======== AVAILABLE RECORDS ========

(* For $\theta\in(0,1)$ define $P_0(\theta)=1-\theta$, $P_r(\theta)=r(1-\theta)\sum_{i=r}^{\infty}\frac{\theta^i}{i}$ for integers $r\ge1$, and $P(\theta)=\max_{r\ge 0}P_r(\theta)$. Let $E_1(x)=\int_x^\infty \frac{e^{-t}}{t}\,dt$ for $x>0$, let $F(x)=xE_1(x)$, let $\alpha\in(0,\infty)$ be the point where $F$ attains its maximum on $(0,\infty)$ (so $F'(\alpha)=0$), and let $\beta=F(\alpha)$ (numerically $\alpha\approx 0.434818$, $\beta\approx 0.281494$). Then as $\theta\to 1^-$, the optimal strategy approaches the positional strategy rejecting $\frac{\alpha}{1-\theta}$ initial candidates: if $r^*(\theta)$ denotes an index attaining $P(\theta)=P_{r^*(\theta)}(\theta)$, then $(1-\theta)\,r^*(\theta)\to\alpha$, and \[ \lim_{\theta\to 1^-}P(\theta)=\beta. \]
   Context: Here $P_r(\theta)$ is the limit as $N\to\infty$ of the probability of winning the weighted game of best choice with the $r$-positional strategy: a permutation $\pi$ of $\{1,\dots,N\}$ is drawn with probability proportional to $\theta^{\pi^{-1}(N)-1}$, the player rejects the first $r$ candidates and then accepts the next candidate better than all previous ones, and wins if the accepted candidate has rank $N$ (best). *)

From Stdlib Require Import Reals.
From Coquelicot Require Import Coquelicot.
Open Scope R_scope.

Definition Pr (r : nat) (th : R) : R :=
  match r with
  | O => 1 - th
  | S _ => INR r * (1 - th) * Series (fun k => th ^ (k + r) / INR (k + r))
  end.

(* P(theta) = max_{r >= 0} P_r(theta), taken as the supremum of the values
   (which the theorem also shows is attained). *)
Definition Pmax (th : R) : R := real (Sup_seq (fun r => Pr r th)).

Definition E1 (x : R) : R :=
  RInt_gen (fun t => exp (- t) / t) (at_point x) (Rbar_locally p_infty).

Definition F (x : R) : R := x * E1 x.
Section Defect.
Variables (A : AssocCat) (N : nat) (p : nat -> nat -> Ob A).
Variables (t : forall {k j i}, valid N k j i -> hom (tob (p k j) (p j i)) (p k i))
          (u : forall {k j i}, valid N k j i -> hom (p k i) (tob (p k j) (p j i))).
Hypothesis ut : forall k j i (h : valid N k j i), hcomp (u h) (t h) = hid _.

Definition defect d c b a (h_dca : valid N d c a) (h_cba : valid N c b a)
    (h_dcb : valid N d c b) (h_dba : valid N d b a) : hom (p d a) (p d a) :=
  hcomp (t h_dca) (hcomp (htens (hid (p d c)) (t h_cba))
    (hcomp (hassoc (p d c) (p c b) (p b a))
      (hcomp (htens (u h_dcb) (hid (p b a))) (u h_dba)))).

Lemma defect_square d c b a h_dca h_cba h_dcb h_dba :
  hcomp (@defect d c b a h_dca h_cba h_dcb h_dba)
        (hcomp (t h_dba) (htens (t h_dcb) (hid (p b a))))
  = hcomp (t h_dca) (hcomp (htens (hid (p d c)) (t h_cba))
                           (hassoc (p d c) (p c b) (p b a))).
Proof.
rewrite /defect -!hcompA [hcomp (u _) (hcomp (t _) _)]hcompA ut hcomp1l.
by rewrite -htens_comp ut hcomp1l htens_id hcomp1r.
Qed.

Lemma defect_square_comp d c b a h_dca h_cba h_dcb h_dba Z
    (x : hom Z (tob (tob (p d c) (p c b)) (p b a))) :
  hcomp (@defect d c b a h_dca h_cba h_dcb h_dba)
        (hcomp (t h_dba) (hcomp (htens (t h_dcb) (hid (p b a))) x))
  = hcomp (t h_dca) (hcomp (htens (hid (p d c)) (t h_cba))
                           (hcomp (hassoc (p d c) (p c b) (p b a)) x)).
Proof. by rewrite (hcompA x) hcompA defect_square -!hcompA. Qed.
End Defect.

========

Reproduce every record above exactly as it appears.

WORKED SOLUTION.
(* For $\theta\in(0,1)$ define $P_0(\theta)=1-\theta$, $P_r(\theta)=r(1-\theta)\sum_{i=r}^{\infty}\frac{\theta^i}{i}$ for integers $r\ge1$, and $P(\theta)=\max_{r\ge 0}P_r(\theta)$. Let $E_1(x)=\int_x^\infty \frac{e^{-t}}{t}\,dt$ for $x>0$, let $F(x)=xE_1(x)$, let $\alpha\in(0,\infty)$ be the point where $F$ attains its maximum on $(0,\infty)$ (so $F'(\alpha)=0$), and let $\beta=F(\alpha)$ (numerically $\alpha\approx 0.434818$, $\beta\approx 0.281494$). Then as $\theta\to 1^-$, the optimal strategy approaches the positional strategy rejecting $\frac{\alpha}{1-\theta}$ initial candidates: if $r^*(\theta)$ denotes an index attaining $P(\theta)=P_{r^*(\theta)}(\theta)$, then $(1-\theta)\,r^*(\theta)\to\alpha$, and \[ \lim_{\theta\to 1^-}P(\theta)=\beta. \]
   Context: Here $P_r(\theta)$ is the limit as $N\to\infty$ of the probability of winning the weighted game of best choice with the $r$-positional strategy: a permutation $\pi$ of $\{1,\dots,N\}$ is drawn with probability proportional to $\theta^{\pi^{-1}(N)-1}$, the player rejects the first $r$ candidates and then accepts the next candidate better than all previous ones, and wins if the accepted candidate has rank $N$ (best). *)

From Stdlib Require Import Reals.
From Coquelicot Require Import Coquelicot.
Open Scope R_scope.

Definition Pr (r : nat) (th : R) : R :=
  match r with
  | O => 1 - th
  | S _ => INR r * (1 - th) * Series (fun k => th ^ (k + r) / INR (k + r))
  end.

(* P(theta) = max_{r >= 0} P_r(theta), taken as the supremum of the values
   (which the theorem also shows is attained). *)
Definition Pmax (th : R) : R := real (Sup_seq (fun r => Pr r th)).

Definition E1 (x : R) : R :=
  RInt_gen (fun t => exp (- t) / t) (at_point x) (Rbar_locally p_infty).

Definition F (x : R) : R := x * E1 x.
Section Defect.
Variables (A : AssocCat) (N : nat) (p : nat -> nat -> Ob A).
Variables (t : forall {k j i}, valid N k j i -> hom (tob (p k j) (p j i)) (p k i))
          (u : forall {k j i}, valid N k j i -> hom (p k i) (tob (p k j) (p j i))).
Hypothesis ut : forall k j i (h : valid N k j i), hcomp (u h) (t h) = hid _.

Definition defect d c b a (h_dca : valid N d c a) (h_cba : valid N c b a)
    (h_dcb : valid N d c b) (h_dba : valid N d b a) : hom (p d a) (p d a) :=
  hcomp (t h_dca) (hcomp (htens (hid (p d c)) (t h_cba))
    (hcomp (hassoc (p d c) (p c b) (p b a))
      (hcomp (htens (u h_dcb) (hid (p b a))) (u h_dba)))).

Lemma defect_square d c b a h_dca h_cba h_dcb h_dba :
  hcomp (@defect d c b a h_dca h_cba h_dcb h_dba)
        (hcomp (t h_dba) (htens (t h_dcb) (hid (p b a))))
  = hcomp (t h_dca) (hcomp (htens (hid (p d c)) (t h_cba))
                           (hassoc (p d c) (p c b) (p b a))).
Proof.
rewrite /defect -!hcompA [hcomp (u _) (hcomp (t _) _)]hcompA ut hcomp1l.
by rewrite -htens_comp ut hcomp1l htens_id hcomp1r.
Qed.

Lemma defect_square_comp d c b a h_dca h_cba h_dcb h_dba Z
    (x : hom Z (tob (tob (p d c) (p c b)) (p b a))) :
  hcomp (@defect d c b a h_dca h_cba h_dcb h_dba)
        (hcomp (t h_dba) (hcomp (htens (t h_dcb) (hid (p b a))) x))
  = hcomp (t h_dca) (hcomp (htens (hid (p d c)) (t h_cba))
                           (hcomp (hassoc (p d c) (p c b) (p b a)) x)).
Proof. by rewrite (hcompA x) hcompA defect_square -!hcompA. Qed.
End Defect.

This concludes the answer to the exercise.